The owners sued the HOA for violating the Fair Housing Act (FHA). The court found no violation of §3604(b) since the owners suffered no adverse effects from the letter from the HOA letting them know that their planned displays might violate the covenants governing their property. But the court found a violation of §3617 because the HOA “interfered” with their exercise of rights to enjoy their dwelling free from discrimination because of their religion. It did so (a) when the HOA told the Morrises that it did not way them to “press their beliefs on the community”; (b) when a board member told the owner that it was enforcing the rules because someone on the association “doesn’t like Christmas; and (c) by writing to the Morrises that their activities could cause problems for non-Christians in the neighborhood. These were sufficient to make an “ordinary listener would believe they indicate a “preference, limitation, or discrimination… because of religion.”

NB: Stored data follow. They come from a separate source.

(* Let $\lambda_1,\lambda_2>0$. For $\nu\in(0,1)$ define, for $\theta\in\mathbb{R}$, $$\Psi^{(1)}_{\nu,\underline{\lambda}}(\theta):=\begin{cases}(\lambda_1(e^\theta-1))^{1/\nu} & \text{if } \theta\geq0,\\ (\lambda_2(e^{-\theta}-1))^{1/\nu} & \text{if } \theta<0,\end{cases}$$ $$\Psi^{(2)}_{\nu,\underline{\lambda}}(\theta):=\begin{cases}(\lambda_1(e^\theta-1)+\lambda_2(e^{-\theta}-1))^{1/\nu} & \text{if } \lambda_1(e^\theta-1)+\lambda_2(e^{-\theta}-1)\geq0,\\ 0 & \text{otherwise},\end{cases}$$ and for $k\in\{1,2\}$ let $I^{(k)}_{\mathrm{LD},\nu}(x):=\sup_{\theta\in\mathbb{R}}\{\theta x-\Psi^{(k)}_{\nu,\underline{\lambda}}(\theta)\}$. Let $\nu,\eta\in(0,1)$ with $\eta<\nu$. Then, for each $k\in\{1,2\}$, $I^{(k)}_{\mathrm{LD},\eta}(0)=I^{(k)}_{\mathrm{LD},\nu}(0)=0$ and there exists $\delta>0$ such that $I^{(k)}_{\mathrm{LD},\eta}(x)>I^{(k)}_{\mathrm{LD},\nu}(x)>0$ for all $x$ with $0<|x|<\delta$.
   Context: In the paper, $I^{(1)}_{\mathrm{LD},\nu}$ and $I^{(2)}_{\mathrm{LD},\nu}$ are the large deviation rate functions (speed $t$) of $Y(t)/t$ and $Z(t)/t$ for the fractional Skellam processes of type 1 (with $\nu_1=\nu_2=\nu$) and type 2 respectively; the claim concerns only the explicitly defined functions above. *)

From HB Require Import structures.
From mathcomp Require Import all_boot all_order all_algebra.
From mathcomp Require Import all_classical all_reals all_analysis.
Set Implicit Arguments. Unset Strict Implicit. Unset Printing Implicit Defensive.
Import Order.TTheory GRing.Theory Num.Theory.
Local Open Scope ring_scope.
Local Open Scope classical_set_scope.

The court found that a jury could reasonably have concluded that these actions were motivated by anti-Christian animus.
The court also found that the HOA’s toleration of harassment of the Morisses was not a violation of the FHA because it was not clear that the HOA had the power to intervene in disputes among neighbors.
However, the court also approved the trial court’s offer to the HOA to have a new trial on the ground that it might have been prejudiced by evidence that was presented at trial but then held not to be admissible. And the court vacated an injunction stopping the Morrises from engaging in their Christmas activities because a new trial could plausibly determine that the HOA’s limits on their celebration might well violate the FHA.
Judge Tashima dissented on the ground that the evidence showed the HOA was concerned with the size and scale of the events, not the owners’ religion.